To explain some of the additional parts this query contains:
Lines 3 and 4 contain what is called a ‘join’. This happens because they both use the variable ?s. What this means is that results must have both a type of skos:Concept and a preferred label - skos:prefLabel is the property for that.
Generally the lines with variables form one of a few patterns, e.g. variable name -> property -> variable name, or variable name -> property -> value.
The FILTER line is saying ‘filter labels to only those that have a language code of ‘en’.
The ORDER BY line is saying order by the values in the ?label variable (i.e. order preferred labels)
One of the issues with the last query is that it will return concepts from all taxonomies (concept schemes). Most of the time we probably want to narrow it down to a single taxonomy. So let’s do that with the next query.
PREFIX skos: <http://www.w3.org/2004/02/skos/core#> SELECT * WHERE { ?s a skos:Concept . ?s skos:inScheme <http://skos.um.es/unescothes/CS000> . ?s skos:prefLabel ?label . FILTER (LANG(?label) = 'en') } ORDER BY ?label LIMIT 10
In the above query we have added another ‘graph pattern’. This introduces another useful property - skos:inScheme - which every concept that belongs to a taxonomy will have. In this example our query uses the UNESCO thesaurus. The bold text is the IRI of the UNESCO thesaurus. The IRI of a taxonomy is the identifier for it. It is also the IRI you enter when creating a taxonomy in Graphologi and can be found on the details screen, as shown below.
If you’re wondering why skos:inScheme, then the reason for that is that, in SKOS, there is a thing called a ‘concept scheme’, which is the technical name for what we call a taxonomy. Concept schemes have a type similar to that which we used for our concepts, but for concept schemes it is skos:ConceptScheme.
If you want to retrieve all the taxonomies in a project in Graphologi you need a query similar to the following:
PREFIX dct: <http://purl.org/dc/terms/> PREFIX skos: <http://www.w3.org/2004/02/skos/core#> SELECT * WHERE { ?s a skos:ConceptScheme . ?s dct:title ?title . } ORDER BY ?title LIMIT 10
In the above we have a new prefix, whilst line 4 contains the pattern looking for concept schemes and line 5 uses a new property - dct:title - which, in Graphologi, is the property that all taxonomies with title use. The dct namespace is Dublin Core Terms - a very widely used metadata model.
One other thing to note about this query is that we have taken the language filter off, so this will return all the titles for each taxonomy.
What if we wanted to get all the titles for the UNESCO taxonomy. We need a query like the following:
PREFIX dct: <http://purl.org/dc/terms/> SELECT * WHERE { <http://skos.um.es/unescothes/CS000> dct:title ?title . } ORDER BY ?title LIMIT 10
This introduces a new idea - using IRIs on the left of a graph pattern. As we know the IRI of the UNESCO taxonomy we can directly ask for the titles of it.

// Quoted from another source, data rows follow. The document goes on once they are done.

(* Let $\mathbf{A}$ and $\mathbf{B}$ be algebras in the same language and let $e$ be a unary term which is idempotent, separating and dense for both $\mathbf{A}$ and $\mathbf{B}$. Then $\mathbf{A}\cong\mathbf{B}$ if and only if $e(\mathbf{A})\cong e(\mathbf{B})$.
   Context: A unary term $e$ is idempotent for $\mathbf{A}$ if $\mathbf{A}\models e(e(x))=e(x)$. The localization $e(\mathbf{A})$ is the algebra with universe $e(A)$ whose fundamental operation symbols are the symbols $et$, one for each term $t$ in the language of $\mathbf{A}$, where $et$ is interpreted as the restriction to $e(A)$ of the term operation $e(t(x_1,\dots,x_n))$ of $\mathbf{A}$ (so $e(\mathbf{A})$ and $e(\mathbf{B})$ have the same similarity type). The term $e$ separates $\mathbf{A}$ if for all $a\neq b$ in $A$ there is a unary term $g$ with $e(g(a))\neq e(g(b))$. The term $e$ is dense for $\mathbf{A}$ if $\mathbf{A}$ is generated by $e(A)$. *)

From mathcomp Require Import all_boot.
Set Implicit Arguments. Unset Strict Implicit. Unset Printing Implicit Defensive.

Record signature := Signature { op : Type ; arity : op -> nat }.

Inductive term (L : signature) (V : Type) : Type :=
| Var : V -> term L V
| App : forall f : op L, ('I_(arity f) -> term L V) -> term L V.
Arguments Var {L V} _.
Arguments App {L V} f _.

Record algebra (L : signature) := Algebra {
  carrier :> Type ;
  interp : forall f : op L, ('I_(arity f) -> carrier) -> carrier }.

Fixpoint eval (L : signature) (A : algebra L) (V : Type) (env : V -> A)
  (t : term L V) : A :=
  match t with
  | Var v => env v
  | App f ts => @interp L A f (fun i => @eval L A V env (ts i))
  end.

Definition uterm (L : signature) := term L 'I_1.
Definition ueval (L : signature) (A : algebra L) (e : uterm L) (a : A) : A :=
  eval (fun _ => a) e.

Definition idempotent_for L (A : algebra L) (e : uterm L) : Prop :=
  forall x : A, ueval e (ueval e x) = ueval e x.

Definition separates L (A : algebra L) (e : uterm L) : Prop :=
  forall a b : A, a <> b -> exists g : uterm L, ueval e (ueval g a) <> ueval e (ueval g b).

Definition subuniverse L (A : algebra L) (S : A -> Prop) : Prop :=
  forall (f : op L) (a : 'I_(arity f) -> A), (forall i, S (a i)) -> S (@interp L A f a).

Definition generated_by L (A : algebra L) (X : A -> Prop) : Prop :=
  forall S : A -> Prop, subuniverse S -> (forall x, X x -> S x) -> forall x, S x.

Definition dense_for L (A : algebra L) (e : uterm L) : Prop :=
  generated_by (fun x : A => exists a : A, x = ueval e a).

(* The language of localizations: one symbol [e t] for every term t;
   a term t(x_0,...,x_{n-1}) in n variables gives an n-ary symbol. *)
Definition loc_signature (L : signature) : signature :=
  @Signature {n : nat & term L 'I_n} (fun s => projT1 s).

Definition loc_carrier L (A : algebra L) (e : uterm L) : Type :=
  {x : A | exists a : A, x = ueval e a}.

Definition loc_op L (A : algebra L) (e : uterm L) (s : op (loc_signature L))
  (xs : 'I_(arity s) -> loc_carrier A e) : loc_carrier A e :=
  exist _ (ueval e (eval (fun i => proj1_sig (xs i)) (projT2 s)))
          (ex_intro _ _ erefl).

Definition localization L (A : algebra L) (e : uterm L) : algebra (loc_signature L) :=
  @Algebra (loc_signature L) (loc_carrier A e) (@loc_op L A e).

Definition is_hom L (A B : algebra L) (h : A -> B) : Prop :=
  forall (f : op L) (a : 'I_(arity f) -> A),
    h (@interp L A f a) = @interp L B f (fun i => h (a i)).

Definition isomorphic L (A B : algebra L) : Prop :=
  exists h : A -> B, is_hom h /\ bijective h.

From Stdlib Require Import FunctionalExtensionality ProofIrrelevance IndefiniteDescription Classical.
From mathcomp Require Import all_boot.
Set Implicit Arguments. Unset Strict Implicit. Unset Printing Implicit Defensive.

(* An isomorphism h : A -> B restricts to e(A) -> e(B) because h commutes with the
   term operation e.  Conversely, let Phi : e(A) -> e(B) be an isomorphism.  Since e(A)
   generates A, every a in A has the form t(x_1,...,x_n) with x_i in e(A); put
   h(a) := t(Phi x_1,...,Phi x_n).  This is well defined: if two such values differed,
   separation in B would give a unary g with e(g(.)) distinguishing them, but
   e(g(t(...))) is a basic operation of the localization, preserved by Phi, and the two
   representations of a agree before applying Phi.  The map h is a homomorphism
   extending Phi, the same construction applied to Phi^-1 gives its inverse, and the
   two composites are the identity because they fix the generating set e(A) (resp. e(B)). *)

Fixpoint tsubst L V W (s : V -> term L W) (t : term L V) : term L W :=
  match t with Var v => s v | App f ts => App f (fun i => tsubst s (ts i)) end.

Lemma eval_tsubst L (A : algebra L) V W (s : V -> term L W) (env : W -> A) t :
  eval env (tsubst s t) = eval (fun v => eval env (s v)) t.
Proof.
elim: t => [v|f ts IH] //=.
by congr (interp _); apply: functional_extensionality => i; exact: IH.
Qed.

Section Homomorphisms.
Variables (L : signature) (A B C : algebra L).

Lemma eval_hom (h : A -> B) V (env : V -> A) t :
  is_hom h -> h (eval env t) = eval (fun v => h (env v)) t.
Proof.
move=> hom_h; elim: t => [v|f ts IH] //=.
by rewrite hom_h; congr (interp _); apply: functional_extensionality => i; exact: IH.
Qed.

Lemma ueval_hom (h : A -> B) (e : uterm L) a :
  is_hom h -> h (ueval e a) = ueval e (h a).
Proof. exact: eval_hom. Qed.

Lemma is_hom_comp (h : A -> B) (g : B -> C) : is_hom h -> is_hom g -> is_hom (g \o h).
Proof. by move=> hom_h hom_g f a /=; rewrite hom_h hom_g. Qed.

Lemma can_is_hom (h : A -> B) (g : B -> A) :
  is_hom h -> cancel h g -> cancel g h -> is_hom g.
Proof.
move=> hom_h hK gK f b.
have -> : b = (fun i => h (g (b i))) by apply: functional_extensionality => i; rewrite gK.
by rewrite -hom_h hK; congr (interp _); apply: functional_extensionality => i; rewrite gK.
Qed.

Lemma hom_eq_generated (X : A -> Prop) (h g : A -> B) :
  generated_by X -> is_hom h -> is_hom g -> (forall x, X x -> h x = g x) -> h =1 g.
Proof.
move=> genX hom_h hom_g eqX; apply: genX => // f a eqa.
by rewrite hom_h hom_g; congr (interp _); apply: functional_extensionality.
Qed.

End Homomorphisms.

Section TermGenerated.
Variables (L : signature) (A : algebra L) (X : Type) (v : X -> A).

Definition term_generated (x : A) : Prop :=
  exists n (t : term L 'I_n) (env : 'I_n -> X), x = eval (fun i => v (env i)) t.

Lemma term_generated_family k (xs : 'I_k -> A) :
  (forall i, term_generated (xs i)) ->
  exists n (env : 'I_n -> X) (ts : 'I_k -> term L 'I_n),
    forall i, xs i = eval (fun u => v (env u)) (ts i).
Proof.
elim: k xs => [|k IH] xs gen_xs.
  have empty (T : Type) : 'I_0 -> T by case.
  by exists 0, (empty _), (empty _); case.
have [n [env [ts Ets]]] := IH (fun j => xs (lift ord0 j)) (fun j => gen_xs _).
have [m [t0 [env0 Et0]]] := gen_xs ord0.
exists (m + n), (fun i => match split i with inl a => env0 a | inr b => env b end),
  (fun i => match unlift ord0 i with
            | Some j => tsubst (fun u => Var (rshift m u)) (ts j)
            | None => tsubst (fun u => Var (lshift n u)) t0 end).
move=> i; case: (unliftP ord0 i) => [j ->|->]; rewrite eval_tsubst /=.
- rewrite Ets; congr (eval _ _); apply: functional_extensionality => u.
  by rewrite (unsplitK (inr u)).
- rewrite Et0; congr (eval _ _); apply: functional_extensionality => u.
  by rewrite (unsplitK (inl u)).
Qed.

Lemma term_generated_subuniverse : subuniverse term_generated.
Proof.
move=> f xs /term_generated_family [n [env [ts Ets]]].
exists n, (App f ts), env => /=.
by congr (interp _); apply: functional_extensionality.
Qed.

End TermGenerated.

Section Localization.
Variables (L : signature) (e : uterm L).

Lemma loc_val_inj (A : algebra L) : injective (@sval A _ : loc_carrier A e -> A).
Proof. by case=> x px [y py] /= exy; subst y; rewrite (proof_irrelevance _ px py). Qed.

Definition loc_in (A : algebra L) (a : A) : loc_carrier A e :=
  exist _ (ueval e a) (ex_intro _ a erefl).

Lemma dense_term_generated (A : algebra L) :
  dense_for A e -> forall x : A, term_generated (@sval A _ : loc_carrier A e -> A) x.
Proof.
move=> denseA; apply: denseA; first exact: term_generated_subuniverse.
by move=> _ [a ->]; exists 1, (Var ord0), (fun _ => loc_in a).
Qed.

(* The basic operation e(g(t(x_1,...,x_n))) of the localization. *)
Definition loc_symbol n (g : uterm L) (t : term L 'I_n) : op (loc_signature L) :=
  existT _ n (tsubst (fun _ => t) g).

Lemma loc_op_symbol (A : algebra L) n g t (env : 'I_n -> loc_carrier A e) :
  sval (@loc_op L A e (loc_symbol g t) env)
  = ueval e (ueval g (eval (fun i => sval (env i)) t)).
Proof. by rewrite /= !eval_tsubst. Qed.

Section LocalizationMap.
Variables (A B : algebra L) (h : A -> B).
Hypothesis hom_h : is_hom h.

Lemma loc_map_subproof (x : loc_carrier A e) : exists b, h (sval x) = ueval e b.
Proof. by case: x => x [a Ea] /=; exists (h a); rewrite Ea; exact: ueval_hom. Qed.

Definition loc_map (x : loc_carrier A e) : loc_carrier B e :=
  exist _ (h (sval x)) (loc_map_subproof x).

Lemma loc_map_hom : @is_hom _ (localization A e) (localization B e) loc_map.
Proof.
by move=> s xs; apply: loc_val_inj => /=; rewrite ueval_hom // eval_hom.
Qed.

End LocalizationMap.

Lemma loc_map_can (A B : algebra L) (h : A -> B) (g : B -> A)
    (hom_h : is_hom h) (hom_g : is_hom g) :
  cancel h g -> cancel (loc_map hom_h) (loc_map hom_g).
Proof. by move=> hK x; apply: loc_val_inj => /=. Qed.

Section Extension.
Variables (A B : algebra L) (Phi : loc_carrier A e -> loc_carrier B e).
Hypotheses (hom_Phi : @is_hom _ (localization A e) (localization B e) Phi)
           (sepB : separates B e) (denseA : dense_for A e).

Lemma eval_loc_hom_congr n m (t : term L 'I_n) (s : term L 'I_m) env env' :
  eval (fun i => sval (env i)) t = eval (fun i => sval (env' i)) s ->
  eval (fun i => sval (Phi (env i))) t = eval (fun i => sval (Phi (env' i))) s.
Proof.
move=> Eenv; apply: NNPP => /sepB [g]; apply.
have Phi_symbol k (u : term L 'I_k) env0 :
    sval (@loc_op L B e (loc_symbol g u) (fun i => Phi (env0 i)))
    = sval (Phi (@loc_op L A e (loc_symbol g u) env0)).
  exact: (esym (congr1 sval (hom_Phi env0))).
rewrite -!(loc_op_symbol g _ (fun i => Phi _)) !Phi_symbol.
by congr (sval (Phi _)); apply: loc_val_inj; rewrite !loc_op_symbol Eenv.
Qed.

Definition loc_ext_rel (x : A) (y : B) : Prop :=
  exists n (t : term L 'I_n) (env : 'I_n -> loc_carrier A e),
    x = eval (fun i => sval (env i)) t /\ y = eval (fun i => sval (Phi (env i))) t.

Lemma loc_ext_rel_total x : exists y, loc_ext_rel x y.
Proof.
have [n [t [env ->]]] := dense_term_generated denseA x.
by exists (eval (fun i => sval (Phi (env i))) t), n, t, env.
Qed.

Definition loc_ext (x : A) : B :=
  proj1_sig (constructive_indefinite_description _ (loc_ext_rel_total x)).

Lemma loc_ext_eval n (t : term L 'I_n) env :
  loc_ext (eval (fun i => sval (env i)) t) = eval (fun i => sval (Phi (env i))) t.
Proof.
rewrite /loc_ext; case: constructive_indefinite_description => y [m [s [env' [E Ey]]]].
by rewrite /= Ey; apply: eval_loc_hom_congr; rewrite -E.
Qed.

Lemma loc_ext_sval x : loc_ext (sval x) = sval (Phi x).
Proof. exact: (loc_ext_eval (Var (ord0 : 'I_1)) (fun _ => x)). Qed.

Lemma loc_ext_hom : is_hom loc_ext.
Proof.
move=> f xs.
have /term_generated_family [n [env [ts Ets]]] := fun i => dense_term_generated denseA (xs i).
have -> : xs = fun i => eval (fun u => sval (env u)) (ts i).
  exact: functional_extensionality.
rewrite (loc_ext_eval (App f ts)) /=.
by congr (interp _); apply: functional_extensionality => i; rewrite loc_ext_eval.
Qed.

End Extension.

Lemma loc_ext_can (A B : algebra L) (Phi : loc_carrier A e -> loc_carrier B e)
    (Psi : loc_carrier B e -> loc_carrier A e)
    (hom_Phi : @is_hom _ (localization A e) (localization B e) Phi)
    (hom_Psi : @is_hom _ (localization B e) (localization A e) Psi)
    (sepA : separates A e) (sepB : separates B e)
    (denseA : dense_for A e) (denseB : dense_for B e) :
  cancel Phi Psi -> cancel (loc_ext Phi denseA) (loc_ext Psi denseB).
Proof.
move=> PhiK; apply: (hom_eq_generated (g := id) denseA) => //.
  by apply: is_hom_comp; exact: loc_ext_hom.
move=> _ [a ->] /=.
rewrite (loc_ext_sval hom_Phi sepB denseA (loc_in a)) (loc_ext_sval hom_Psi sepA denseB).
exact: (congr1 (@sval _ _) (PhiK (loc_in a))).
Qed.

End Localization.

Theorem corollary2p4 (L : signature) (A B : algebra L) (e : uterm L) :
  idempotent_for A e -> separates A e -> dense_for A e ->
  idempotent_for B e -> separates B e -> dense_for B e ->
  (isomorphic A B <-> isomorphic (localization A e) (localization B e)).
Proof.
move=> _ sepA denseA _ sepB denseB; split.
  case=> h [hom_h [g hK gK]].
  have hom_g := can_is_hom hom_h hK gK.
  exists (loc_map hom_h); split; first exact: loc_map_hom.
  by exists (loc_map hom_g); apply: loc_map_can.
case=> Phi [hom_Phi [Psi PhiK PsiK]].
have hom_Psi := can_is_hom hom_Phi PhiK PsiK.
exists (loc_ext Phi denseA); split; first exact: loc_ext_hom.
exists (loc_ext Psi denseB); exact: loc_ext_can.
Qed.
(* Let $a,b,c\in\mathbb{R}$ with $a+c=b$, and let $\rho=\max\{|a|,|b|,|c|\}$ satisfy $0<\rho<24/35$. Let $D_\rho=\det\begin{pmatrix}2+a&1+b\\1+b&2+c\end{pmatrix}$ and let $M_\rho=\min\{Q_\rho(s,t):(s,t)\in\mathbb{Z}^2\setminus\{(0,0)\}\}$, where $Q_\rho(s,t)=(2+a)s^2+2(1+b)st+(2+c)t^2$. Then $D_\rho^{-1/2}M_\rho<2\cdot 3^{-1/2}$. *)

From HB Require Import structures.
From mathcomp Require Import all_boot all_order all_algebra.
From mathcomp Require Import boolp classical_sets reals.
Set Implicit Arguments. Unset Strict Implicit. Unset Printing Implicit Defensive.
Import Order.TTheory GRing.Theory Num.Theory.
Local Open Scope ring_scope.
Local Open Scope classical_set_scope.

Definition rho_of (R : realType) (a b c : R) : R :=
  Num.max `|a| (Num.max `|b| `|c|).

Definition Qrho (R : realType) (a b c : R) (s t : int) : R :=
  (2 + a) * (s%:~R) ^+ 2 + 2 * (1 + b) * s%:~R * t%:~R + (2 + c) * (t%:~R) ^+ 2.

Definition Drho (R : realType) (a b c : R) : R :=
  \det (\matrix_(i < 2, j < 2)
          (if (i == 0%N :> nat) && (j == 0%N :> nat) then 2 + a
           else if (i == 1%N :> nat) && (j == 1%N :> nat) then 2 + c
           else 1 + b)).

(* M_rho = min of Q_rho over Z^2 \ {(0,0)}, taken as the infimum
   (the minimum is attained since Q_rho is positive definite) *)
Definition Mrho (R : realType) (a b c : R) : R :=
  inf [set Qrho a b c p.1 p.2 | p in [set p : int * int | p != (0, 0)]].

(* With [a + c = b], put [x = a], [y = c], [z = -b], so that [x + y + z = 0]
   and [2 D = 6 - (x^2 + y^2 + z^2)].  The form takes the values [2 + x],
   [2 + y], [2 + z] at [(1,0)], [(0,1)], [(1,-1)].  If [x] is the smallest of
   the three, then [x < 0] and [y^2 + z^2 <= 5 x^2], whence
   [3 (2 + x)^2 < 4 D] as soon as [-4/5 < x]; so the minimum [M] satisfies
   [3 M^2 < 4 D]. *)
From HB Require Import structures.
From mathcomp Require Import all_boot all_order all_algebra.
From mathcomp Require Import boolp classical_sets reals.
From mathcomp Require Import ring lra.

Set Implicit Arguments.
Unset Strict Implicit.
Unset Printing Implicit Defensive.
Import Order.TTheory GRing.Theory Num.Theory.
Local Open Scope ring_scope.

Lemma pdef_quad_ge0 (R : realDomainType) (A B C x y : R) :
  0 < A -> 0 <= A * C - B ^+ 2 -> 0 <= A * x ^+ 2 + 2 * B * x * y + C * y ^+ 2.
Proof.
move=> A_gt0 disc_ge0; rewrite -(pmulr_rge0 _ A_gt0).
have -> : A * (A * x ^+ 2 + 2 * B * x * y + C * y ^+ 2)
    = (A * x + B * y) ^+ 2 + (A * C - B ^+ 2) * y ^+ 2 by ring.
by rewrite addr_ge0 ?sqr_ge0 // mulr_ge0 ?sqr_ge0.
Qed.

Lemma zero_sum_min_bound (R : realDomainType) (x y z : R) :
  x + y + z = 0 -> x <= y -> x <= z -> x < 0 -> -4 < 5 * x ->
  3 * (2 + x) ^+ 2 + 2 * (x ^+ 2 + y ^+ 2 + z ^+ 2) < 12.
Proof.
move=> sum0 xy xz x_lt0 x_gt.
(* [y^2 + z^2 <= 5 x^2], the extreme case being [y = x], [z = -2x] *)
have yz_le : 0 <= (y - x) * (z - x) by rewrite mulr_ge0 // subr_ge0.
have x_neg : x * (4 + 5 * x) < 0 by rewrite nmulr_rlt0 //; lra.
have -> : z = - x - y by lra.
nra.
Qed.

Lemma hermite_ratio_lt (R : rcfType) (D v : R) :
  0 < v -> 3 * v ^+ 2 < 4 * D -> (Num.sqrt D)^-1 * v < 2 * (Num.sqrt 3)^-1.
Proof.
move=> v_gt0 hvD.
have D_gt0 : 0 < D by have := sqr_ge0 v; lra.
have sD_gt0 : 0 < Num.sqrt D by rewrite sqrtr_gt0.
have s3_gt0 : 0 < Num.sqrt (3 : R) by rewrite sqrtr_gt0.
rewrite ltr_pdivrMl // mulrA ltr_pdivlMr //.
have -> : v * Num.sqrt 3 = Num.sqrt (v ^+ 2 * 3).
  by rewrite sqrtrM ?sqr_ge0 // sqrtr_sqr gtr0_norm.
have -> : Num.sqrt D * 2 = Num.sqrt (D * 2 ^+ 2).
  by rewrite sqrtrM ?ltW // sqrtr_sqr gtr0_norm.
by rewrite ltr_sqrt ?mulr_gt0 ?exprn_gt0 //; lra.
Qed.

Section Form.
Variables (R : realType) (a b c : R).

Lemma DrhoE : Drho a b c = (2 + a) * (2 + c) - (1 + b) ^+ 2.
Proof.
rewrite /Drho (expand_det_row _ 0) !big_ord_recl big_ord0 /cofactor.
by rewrite !det_mx11 !mxE /= /bump /= expr0 expr1; ring.
Qed.

Lemma Qrho_ge0 s t : 0 < 2 + a -> 0 < Drho a b c -> 0 <= Qrho a b c s t.
Proof. by rewrite DrhoE => ha hD; apply: pdef_quad_ge0 => //; apply: ltW. Qed.

Lemma Mrho_le_Qrho s t : 0 < 2 + a -> 0 < Drho a b c -> (s, t) != (0, 0) ->
  Mrho a b c <= Qrho a b c s t.
Proof.
move=> ha hD st_neq0; apply: ge_inf; last by exists (s, t).
by exists 0 => _ [p _ <-]; apply: Qrho_ge0.
Qed.

Lemma DrhoE_sym : a + c = b -> 2 * Drho a b c = 6 - (a ^+ 2 + b ^+ 2 + c ^+ 2).
Proof. by move=> sum_ac; rewrite DrhoE -sum_ac; ring. Qed.

Lemma Qrho10 : Qrho a b c 1 0 = 2 + a.
Proof. by rewrite /Qrho /= mulr1z mulr0z; ring. Qed.

Lemma Qrho01 : Qrho a b c 0 1 = 2 + c.
Proof. by rewrite /Qrho /= mulr1z mulr0z; ring. Qed.

Lemma Qrho1N1 : a + c = b -> Qrho a b c 1 (-1) = 2 - b.
Proof. by move=> sum_ac; rewrite /Qrho /= mulr1z mulrN1z -sum_ac; ring. Qed.

Lemma short_vector_exists :
  a + c = b ->
  0 < rho_of a b c -> rho_of a b c < 4 / 5 ->
  exists s t, [/\ (s, t) != (0, 0), 0 < Qrho a b c s t
                & 3 * Qrho a b c s t ^+ 2 < 4 * Drho a b c].
Proof.
move=> sum_ac rho_gt0 rho_lt.
have : `|a| < 4 / 5 /\ `|b| < 4 / 5 /\ `|c| < 4 / 5.
  by move: rho_lt; rewrite /rho_of !gt_max => /andP[-> /andP[-> ->]].
move=> [/ltr_normlP [ha1 ha2] [/ltr_normlP [hb1 hb2] /ltr_normlP [hc1 hc2]]].
have not_all0 : a < 0 \/ c < 0 \/ 0 < b.
  case: (ltP a 0) => [|a_ge0]; first by left.
  case: (ltP c 0) => [|c_ge0]; first by right; left.
  case: (ltP 0 b) => [|b_le0]; first by right; right.
  suff rho0 : rho_of a b c = 0 by move: rho_gt0; rewrite rho0 ltxx.
  have [-> -> ->] : [/\ a = 0, b = 0 & c = 0] by split; lra.
  by rewrite /rho_of normr0 !maxxx.
have hD := DrhoE_sym sum_ac.
have [/andP [ac ab] | ] := boolP ((a <= c) && (a <= - b)).
  exists 1, 0; rewrite Qrho10; split => //; first lra.
  have : 3 * (2 + a) ^+ 2 + 2 * (a ^+ 2 + c ^+ 2 + (- b) ^+ 2) < 12.
    by apply: zero_sum_min_bound; lra.
  rewrite sqrrN; lra.
rewrite negb_and -!ltNge => ca_or_ba.
have [/andP [ca cb] | ] := boolP ((c <= a) && (c <= - b)).
  exists 0, 1; rewrite Qrho01; split => //; first lra.
  have : 3 * (2 + c) ^+ 2 + 2 * (c ^+ 2 + a ^+ 2 + (- b) ^+ 2) < 12.
    by apply: zero_sum_min_bound; lra.
  rewrite sqrrN; lra.
rewrite negb_and -!ltNge => ac_or_bc.
exists 1, (-1); rewrite Qrho1N1 //; split => //; first lra.
have : 3 * (2 - b) ^+ 2 + 2 * ((- b) ^+ 2 + a ^+ 2 + c ^+ 2) < 12.
  by apply: zero_sum_min_bound; lra.
rewrite sqrrN; lra.
Qed.

End Form.

Theorem mainTheorem10 (R : realType) (a b c : R) :
  a + c = b ->
  0 < rho_of a b c -> rho_of a b c < 24 / 35 ->
  (Num.sqrt (Drho a b c))^-1 * Mrho a b c < 2 * (Num.sqrt 3)^-1.
Proof.
move=> sum_ac rho_gt0 rho_lt.
have rho_lt45 : rho_of a b c < 4 / 5 by lra.
have [s [t [st_neq0 Q_gt0 hQ]]] := short_vector_exists sum_ac rho_gt0 rho_lt45.
have ha : 0 < 2 + a.
  have : `|a| <= rho_of a b c by rewrite /rho_of le_max lexx.
  move=> /ler_normlP [ha _]; lra.
have hD : 0 < Drho a b c by have := sqr_ge0 (Qrho a b c s t); lra.
apply: le_lt_trans (hermite_ratio_lt Q_gt0 hQ).
by rewrite ler_wpM2l ?invr_ge0 ?sqrtr_ge0 // Mrho_le_Qrho.
Qed.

Let’s revisit the following query:
PREFIX skos: <http://www.w3.org/2004/02/skos/core#> SELECT * WHERE { ?s a skos:Concept . ?s skos:inScheme <http://skos.um.es/unescothes/CS000> . ?s skos:prefLabel ?label . FILTER (LANG(?label) = 'en') } ORDER BY ?label LIMIT 10
By default this query will return rows of results similar to the following.
As we used SELECT * this returns all the ‘bound’ variables. Bound simply means when a variable has a value.
We can write this query in a different way to be more explicit about the values we want returned. Take a look at the second line in the following example.
PREFIX skos: <http://www.w3.org/2004/02/skos/core#> SELECT ?s ?label WHERE { ?s a skos:Concept . ?s skos:inScheme <http://skos.um.es/unescothes/CS000> . ?s skos:prefLabel ?label . FILTER (LANG(?label) = 'en') } ORDER BY ?label LIMIT 10
Note how we now have SELECT ?s ?label, which means we are telling the query to return just the values for ?s and ?label in each row of the results. This will actually give us the same results as the previous query because we only have two results. However, if you change it to SELECT ?label then you would just get back the labels.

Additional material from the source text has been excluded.